Supporting the Good Guys

Strawberries
May 27, 2024

Floral resources to support parasitoids and predatory insects

In my imagination, the ideal Berry World looks a little like Geoff Langford’s berry cage.  It is home to our South Island strawberry variety trial, which we harvest for 6 months, along with a collection of raspberries, boysenberries, blackcurrants, cherries, plums, and the miscellaneous silverbeet that the chooks get for a treat.  Birds are excluded, and last year the only pest control measures that the strawberries required was an early season aphid spray and two botrytis sprays.  There was one cucumeris predatory mite release.  The spiders, praying mantids and parasitoids took care of the rest.

Strawberry variety plots in spring

However it’s not commercial scale. And most aggravatingly, it’s “less than efficient” to harvest.

Wouldn’t it be great if there was a way to combine an efficient mechanized system with the kind of landscape that supports the good guys (useful parasitoids/predators)?

That magic combination is the goal of a recent project in Pukekohe vegetables, supported by Vegetables NZ, Onions NZ, and the Lighter Touch program.  At a recent Lighter Touch forum, Olivia Prouse (Cropping Services Ltd) spoke about the three types of “beneficials support systems” they have integrated into commercial vegetables.

  1. Perennial native plants—these were carefully chosen to be low growing so as not to obstruct tractor movements, to provide flowers especially in winter, and to not host any of the vegetable pests.  In areas that didn’t need tractor clearance, shrubs were also used.  They were established as permanent plantings along side drains (weed control challenging!) and in “mobile homes,” moveable 1m3 forkliftable bins.
  2. Mixed flowering annuals planted in strips among the vegetable crop (allysum, cornflowers, buckwheat, calendula, and marigolds)
  3. Blocks of flowering cover crops, paddock-scale, on rotational vegetable land (buckwheat, phacelia, berseem clover, vetch and linseed)

Overseas research has shown that the predators and tiny parasitoid insects will move about 15 meters into a crop from the flowering strip that has supported their growth, so this is taken into account when planning the spacing for the annual flowering strips.

Several vegetable crops were grown in with these systems, and the resulting impact on insecticide sprays are illustrated in the table below.

There’s an especially interesting story about that last lettuce crop.  It was a spring lettuce crop, which is at high risk for aphid infestation.  Scouting did show two aphid peaks, one which the natural enemies got on top of satisfactorily, and the other which was pending a spray when a neighboring cover crop was plowed under.  The resulting mass migration of predators out of the cover crop and into the lettuce ended up controlling the aphids on the lettuce without that spray being necessary.

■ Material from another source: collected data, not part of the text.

Lemma rowsum_indicator_le :
  \sum_(K : dsub n d) \sum_(L : dsub n d)
      ((val K :\: U == val L :\: U) && (val K :&: U != set0))%:R * (2 * kap ^+ #|val K :&: U|)
    <= 2 * ('C(n, d)%:R *
            \sum_(t < n) ((2 * #|U|%:R * kap - 1) * #|U|%:R * (d%:R / n%:R)) ^+ t.+1).
Proof.
apply: le_trans (ler_sum _ (fun K _ => sum_agree_outside_le K)) _.
have [U0|U_gt0] := posnP #|U|.
  rewrite big1 => [|K _]; last by rewrite (_ : val K :&: U = set0) ?cards0 ?expr0 ?subrr ?mulr0 //;
    apply/eqP; rewrite -subset0 -(cards0_eq U0) subsetIr.
  by rewrite U0 mulr0 mul0r big1 ?mulr0 // => t _; rewrite expr0n.
set z := 2 * #|U|%:R * kap - 1.
have u_ge1 : 1 <= #|U|%:R :> R by rewrite ler1n.
have z_ge0 : 0 <= z by rewrite subr_ge0 -mulrA mulr_ege1 ?ler1n ?mulr_ege1.
have a_le_n (K : dsub n d) : (#|val K :&: U| <= n)%N by rewrite -[n in (_ <= n)%N]card_ord max_card.
under eq_bigr => K _ do rewrite -[2 * _ * kap](subrK 1) (exprD1n_sub1 z (a_le_n K)).
rewrite -mulr_sumr ler_wpM2l // exchange_big mulr_sumr; apply: ler_sum => t _ /=.
under eq_bigr => K _ do rewrite -mulr_natr.
rewrite -mulr_sumr -natr_sum.
apply: le_trans (ler_wpM2l (exprn_ge0 _ z_ge0) (sum_bin_meet_le _ _ _ dn)) _.
apply: le_trans (_ : z ^+ t.+1 * ((#|U| ^ t.+1)%:R * ('C(n, d)%:R * (d%:R / n%:R) ^+ t.+1)) <= _).
  rewrite ler_wpM2l ?exprn_ge0 // ler_wpM2r ?mulr_ge0 ?ler0n ?exprn_ge0 ?divr_ge0 ?ler0n //.
  by rewrite ler_nat bin_leq_expn.
by rewrite natrX !exprMn le_eqVlt; apply/orP; left; apply/eqP; ring.
Qed.
Local Notation tau := (kap * d%:R ^+ 3 / n%:R).

Lemma rowsum_indicator_le_tau : (0 < d)%N -> (d <= #|U| <= d + d)%N -> 16 * tau <= 1 ->
  \sum_(K : dsub n d) \sum_(L : dsub n d)
      ((val K :\: U == val L :\: U) && (val K :&: U != set0))%:R * (2 * kap ^+ #|val K :&: U|)
    <= 32 * 'C(n, d)%:R * tau.
Proof.
move=> d_gt0 /andP[d_le_u u_le_2d] tau_small; apply: le_trans rowsum_indicator_le _.
have u_ge1 : 1 <= #|U|%:R :> R by rewrite ler1n (leq_trans d_gt0).
have u_le : #|U|%:R <= 2 * d%:R :> R by rewrite -natrM ler_nat mul2n -addnn.
set q := d%:R / n%:R; have q_ge0 : 0 <= q by rewrite divr_ge0 ?ler0n.
set r := (2 * #|U|%:R * kap - 1) * #|U|%:R * q.
have r_ge0 : 0 <= r.
  apply: mulr_ge0 q_ge0; apply: mulr_ge0 (ler0n _ _).
  by rewrite subr_ge0 -mulrA; apply: mulr_ege1; rewrite ?ler1n //; apply: mulr_ege1.
have r_le : r <= 8 * tau.
  have tauE : tau = kap * d%:R ^+ 2 * q by rewrite /q; ring.
  have : 0 <= (4 * d%:R ^+ 2 - #|U|%:R ^+ 2) * (2 * kap * q).
    apply: mulr_ge0 (mulr_ge0 (mulr_ge0 (ler0n _ 2) (le_trans ler01 kap_ge1)) q_ge0).
    by have := ler0n R #|U|; rewrite subr_ge0; nra.
  have : 0 <= #|U|%:R * q by rewrite mulr_ge0 ?ler0n.
  by rewrite tauE /r; nra.
apply: le_trans (_ : 2 * ('C(n, d)%:R * (2 * r)) <= _).
  rewrite ler_wpM2l // ler_wpM2l ?ler0n // sum_exprS_le //.
  by move: (tau) tau_small r_le => T; lra.
have := ler0n R 'C(n, d); nra.
Qed.
End RowSum.
Lemma val_arrows_section y : U y -> val (arrows_section rho y) = bar D (rho y).
Proof.
have [_ _ _ _ [_ sB _]] := laws.
by move=> Uy; apply: val_insubd_set; rewrite /arrows_from /= (sB _).1 (rhoP Uy).2.
Qed.

Lemma arrows_tgt_section y : U y -> arrows_tgt (arrows_section rho y) = y.
Proof.
have [_ _ _ _ [_ sB _]] := laws.
by move=> Uy; rewrite /arrows_tgt val_arrows_section // (sB _).2 (rhoP Uy).1.
Qed.

Lemma arrows_section_cont_within :
  cont_within U rho -> cont_within U (arrows_section rho).
Proof.
move=> crho; apply: cont_within_to_set_type.
apply: (cont_within_ext (f := fun y => bar D (rho y))).
  by move=> y Uy; rewrite val_arrows_section.
exact: bar_cont_within.
Qed.

End ArrowsSection.

Lemma arrows_tgt_act z g : arrows_tgt (arrows_act z g) = arrows_tgt z.
Proof.
have [sC _ _ _ _] := laws; have e : src D (val z) = tgt D (val g).
  by rewrite (set_valP z) (set_valP g).2.
by rewrite /arrows_tgt val_arrows_act (sC _ _ e).2.
Qed.

Lemma arrows_tgt_surjective : locally_trivial_numerable x0 D ->
  forall x, exists z : E, arrows_tgt z = x.
Proof.
move=> lt x; have [U [[_ [rho [_ rhoP]]] Ux]] := numerable_subordinate_cover lt x.
by exists (arrows_section rho x); exact: (arrows_tgt_section rhoP Ux).
Qed.

Lemma arrows_principal_bundle : locally_trivial_numerable x0 D ->
  principal_bundle vertex_mul vertex_one arrows_tgt arrows_act.
Proof.
move=> lt; have [sC aC sU uC [_ sB _]] := laws.
split.
- split; apply/cont_within_setT.
    rewrite /arrows_tgt.
    apply: (cont_within_comp (f := fun z : E => val z) (g := tgt D) (B := setT)) => //.
      exact/cont_within_val/cont_within_id.
    by apply: continuous_cont_within; have [[]] := hD.
  apply: cont_within_to_set_type.
  apply: (cont_within_ext (f := fun zg : E * G => cmp D (val zg.1) (val zg.2))).
    by move=> zg _; rewrite val_arrows_act.
  apply: (cmp_cont_within hD).
  + by apply: (cont_within_val (h := fst)); exact: cont_within_fst.
  + by apply: (cont_within_val (h := snd)); exact: cont_within_snd.
  + by move=> [z g] _ /=; rewrite (set_valP z) (set_valP g).2.
- split=> [z|z g h]; apply: val_inj; rewrite !val_arrows_act.
    by rewrite -[RHS](uC (val z)).2 (set_valP z).
  rewrite val_vertex_mul aC //; first by rewrite (set_valP z) (set_valP g).2.
  by rewrite (set_valP g).1 (set_valP h).2.
- exact: arrows_tgt_act.
- have act_div z z' :
      arrows_tgt z = arrows_tgt z' -> arrows_act z (arrows_div z z') = z'.
    move=> e; have e' : tgt D (val z) = tgt D (val z') := e.
    apply: val_inj; rewrite val_arrows_act val_arrows_div // -aC.
    + by rewrite (iv _).1 e' (uC _).1.
    + by rewrite (sB _).2.
    + by rewrite (sB _).1.
  split.
    move=> z z' e; exists (arrows_div z z'); split=> [|g <-]; first exact: act_div.
    apply: val_inj; rewrite val_arrows_div ?arrows_tgt_act // val_arrows_act -aC.
    + by rewrite (iv _).2 (set_valP z) -{1}(set_valP g).2 (uC _).1.
    + by rewrite (sB _).1.
    + by rewrite (set_valP z) (set_valP g).2.
  exists arrows_div; split; last exact: act_div.
  apply/cont_withinP/cont_within_to_set_type.
  apply: (cont_within_ext (f := fun zz : E * E => cmp D (bar D (val zz.1)) (val zz.2))).
    by move=> zz e; rewrite val_arrows_div.
  apply: (cmp_cont_within hD).
  + apply: (bar_cont_within hD); apply: (cont_within_val (h := fst)).
    exact: cont_within_fst.
  + by apply: (cont_within_val (h := snd)); exact: cont_within_snd.
  + by move=> [z z'] /= e; rewrite (sB _).1.
- move=> x; have [U [[oU [rho [crho rhoP]]] Ux]] := numerable_subordinate_cover lt x.
  exists U; split=> //; exists (arrows_section rho); split.
    by apply/cont_withinP/arrows_section_cont_within => //; exact/cont_withinP.
  exact: arrows_tgt_section.
Qed.

Lemma arrows_translate_rep (Ct : topologicalType) (Dt : pgdata X Ct) (f' : Ct -> C) :
  continuous f' -> is_morphism Dt D f' ->
  is_representation Dt arrows_tgt arrows_act
    (fun c => arrows_translate (f' c)).
Proof.
move=> cf' [mfs mfc _ mfb]; have [sC aC sU uC [_ sB _]] := laws.
have src_f c z : src Dt c = arrows_tgt z -> src D (f' c) = arrows_tgt z.
  by rewrite (mfs c).1.
split.
- apply/cont_withinP/cont_within_to_set_type.
  apply: (cont_within_ext (f := fun cz : Ct * E => cmp D (f' cz.1) (val cz.2))).
    by move=> [c z] /= /src_f e; rewrite val_arrows_translate.
  apply: (cmp_cont_within hD).
  + apply: (cont_within_comp (f := fst) (B := setT)) => //.
      exact: cont_within_fst.
    exact: continuous_cont_within.
  + by apply: (cont_within_val (h := snd)); exact: cont_within_snd.
  + by move=> [c z] /= /src_f.
- by move=> c z /src_f e; rewrite arrows_tgt_translate // (mfs c).2.
- move=> c d z e1 /src_f e2.
  have e12 : src D (f' c) = tgt D (f' d) by rewrite (mfs c).1 (mfs d).2.
  have e3 : src D (cmp D (f' c) (f' d)) = arrows_tgt z by rewrite (sC _ _ e12).1.
  have e4 : src D (f' c) = arrows_tgt (arrows_translate (f' d) z).
    by rewrite arrows_tgt_translate.
  apply: val_inj; rewrite mfc // (val_arrows_translate e3) (val_arrows_translate e4).
  by rewrite (val_arrows_translate e2) aC.
- move=> c z /src_f e.
  have e4 : src D (f' (bar Dt c)) = arrows_tgt (arrows_translate (f' c) z).
    by rewrite mfb (sB _).1 arrows_tgt_translate.
  apply: val_inj; rewrite (val_arrows_translate e4) (val_arrows_translate e) mfb -aC.
  + by rewrite (iv _).2 e (uC _).1.
  + by rewrite (sB _).1.
  + exact: e.
- move=> c z g /src_f e.
  have e5 : src D (f' c) = arrows_tgt (arrows_act z g) by rewrite arrows_tgt_act.
  apply: val_inj; rewrite (val_arrows_translate e5) !val_arrows_act.
  rewrite (val_arrows_translate e) aC //.
  by rewrite (set_valP z) (set_valP g).2.
Qed.

End VertexBundle.

Arguments arrows_tgt {X C x0 D} z.
Arguments arrows_act {X C x0 D} z g.
Arguments vertex_mul {X C x0 D} a b.
Arguments vertex_inv {X C x0 D} a.

Section FactorMap.
Variables (X Ct C C' : topologicalType) (x0 : X) (Dt : pgdata X Ct).
Variables (D : pgdata X C) (D' : pgdata X C') (f : Ct -> C) (f' : Ct -> C').
Hypotheses (gq : good_quotient x0 Dt D f) (gq' : good_quotient x0 Dt D' f').

Let gD : is_groupoid D. Proof. by case: gq => -[]. Qed.
Let gD' : is_groupoid D'. Proof. by case: gq' => -[]. Qed.
Let lt' : locally_trivial_numerable x0 D'. Proof. by case: gq'. Qed.
Local Notation E := (set_type (arrows_from x0 D')).

Lemma good_quotient_surjective y : exists c, f c = y.
Proof. by case: gq => _ _ [_ /(_ y)]. Qed.

Lemma factor_translation_rep : exists w : C -> E -> E,
  is_representation D arrows_tgt arrows_act w /\
  forall c z, src Dt c = arrows_tgt z -> val (w (f c) z) = cmp D' (f' c) (val z).
Proof.
have [_ _ _ _ rf] := gq; have [_ _ [cf' _] mf' _] := gq'.
have [[/set_type_hausdorff hG _] _ _ _ _] := gq'.
have [w [hw ind _]] := rf _ _ _ _ (hG _) (vertex_topgroup x0 gD') _ _ _
  (arrows_principal_bundle gD' lt') _ (arrows_translate_rep x0 gD' cf' mf').
exists w; split=> // c z e; rewrite -ind // (val_arrows_translate gD') //.
by have [mfs' _ _ _] := mf'; rewrite (mfs' c).1.
Qed.

Lemma factor_well_defined c1 c2 : f c1 = f c2 -> f' c1 = f' c2.
Proof.
have [w [_ wf]] := factor_translation_rep.
have [_ _ _ [mfs _ _ _] _] := gq; have [_ _ _ [mfs' _ _ _] _] := gq'.
move=> e; have [z pz] := arrows_tgt_surjective gD' lt' (src Dt c1).
have e2 : src Dt c2 = arrows_tgt z by rewrite -(mfs c2).1 -e (mfs c1).1.
have z1 : src D' (f' c1) = tgt D' (val z) by rewrite (mfs' c1).1.
have z2 : src D' (f' c2) = tgt D' (val z) by rewrite (mfs' c2).1.
apply: (groupoid_cancel_r gD'.1.2 gD'.2 z1 z2).
by rewrite -wf // -wf // e.
Qed.

Section FactorMapProperties.
Variable h : C -> C'.
Hypothesis hf : forall c, h (f c) = f' c.

Lemma factor_morphism : is_morphism D D' h.
Proof.
have [_ _ _ [mfs mfc mfu mfb] _] := gq; have [_ _ _ [mfs' mfc' mfu' mfb'] _] := gq'.
split=> [y|y1 y2|x|y].
- have [c <-] := good_quotient_surjective y.
  by rewrite hf (mfs' c).1 (mfs' c).2 (mfs c).1 (mfs c).2.
- have [c1 <-] := good_quotient_surjective y1.
  have [c2 <-] := good_quotient_surjective y2.
  by rewrite (mfs c1).1 (mfs c2).2 => e; rewrite -mfc // !hf mfc'.
- by rewrite -mfu hf mfu'.
- by have [c <-] := good_quotient_surjective y; rewrite -mfb !hf mfb'.
Qed.

(* Locally, h y = w y (\bar rho (src y)) * rho (src y) for a contraction rho. *)
Lemma factor_continuous : continuous h.
Proof.
have [w [hw wf]] := factor_translation_rep.
have [_ _ _ [mfs _ _ _] _] := gq; have [_ _ _ [mfs' _ _ _] _] := gq'.
have [[[cS _ _ _ _] _] _] := gD.
apply: cont_within_setT; apply: cont_within_local => y0 _.
have [U [[oU [rho [/cont_withinP crho rhoP]]] Uy0]] :=
  numerable_subordinate_cover lt' (src D y0).
exists (src D @^-1` U); split=> //; first by move/continuousP: cS; apply.
apply: (cont_within_ext
  (f := fun y => cmp D' (val (w y (arrows_section x0 gD' rho (src D y))))
                        (rho (src D y)))).
  move=> y [_ Uy]; have [c fc] := good_quotient_surjective y.
  have Uc : U (src Dt c) by rewrite -(mfs c).1 fc.
  rewrite -fc (mfs c).1 hf wf; last by rewrite (arrows_tgt_section gD' rhoP).
  rewrite (val_arrows_section gD' rhoP) // (cmp_Kbar gD'.1.2 gD'.2) //.
  by rewrite (mfs' c).1 (rhoP _ Uc).1.
apply: (cmp_cont_within gD'.1).
- apply/cont_within_val/(rep_cont_within_comp hw).
  + exact: cont_within_id.
  + apply: (cont_within_comp (f := src D) (B := U)); last by move=> y [].
      exact: continuous_cont_within.
    exact: arrows_section_cont_within.
  + by move=> y [_ Uy]; rewrite (arrows_tgt_section gD' rhoP).
- apply: (cont_within_comp (f := src D) (B := U)) => //; last by move=> y [].
  exact: continuous_cont_within.
- by move=> y [_ Uy]; rewrite (set_valP (w y _)) (rhoP _ Uy).2.
Qed.

End FactorMapProperties.

Lemma good_quotient_factor :
  exists h : C -> C', [/\ continuous h, is_morphism D D' h & forall c, h (f c) = f' c].
Proof.
pose h y := f' (projT1 (cid (good_quotient_surjective y))).
have hf c : h (f c) = f' c.
  by apply: factor_well_defined; rewrite /h; case: cid.
by exists h; split; [exact: factor_continuous|exact: factor_morphism|].
Qed.

End FactorMap.

Theorem proposition6p2 (X : topologicalType) (x0 : X) (Ct : topologicalType)
  (Dt : pgdata X Ct) :
  hausdorff_space X -> is_pregroupoid Dt -> locally_trivial_numerable x0 Dt ->
  exists (C : topologicalType) (D : pgdata X C) (f : Ct -> C),
    good_quotient x0 Dt D f /\
    forall (C' : topologicalType) (D' : pgdata X C') (f' : Ct -> C'),
      good_quotient x0 Dt D' f' ->
      exists (h : C -> C') (k : C' -> C),
        [/\ continuous h /\ continuous k, cancel h k, cancel k h,
            is_morphism D D' h & forall c, h (f c) = f' c].
Proof.
move=> hX hD hL; have gq := quot_good_quotient hD hX hL.
exists (quot Dt), (quot_data Dt), (qclass Dt); split=> // C' D' f' gq'.
have [h [ch mh hf]] := good_quotient_factor gq gq'.
have [k [ck _ kf]] := good_quotient_factor gq' gq.
exists h, k; split=> //.
- by elim/quot_ind => c; rewrite hf kf.
- by move=> y; have [c <-] := good_quotient_surjective gq' y; rewrite kf hf.
Qed.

One of the big takeaways I get from this study is that cultivating food for predators can work within a regular commercial production system, and that it’s not an all-or-nothing approach.  Predators and parasitoids reduced the need for insecticides but in many cases didn’t eliminate them, which is still a good outcome.  The other major service natural enemies can give us is to delay the onset of insecticide resistance.  Every aphid taken out by a parasitoid is not developing resistance to Transform, long may it last.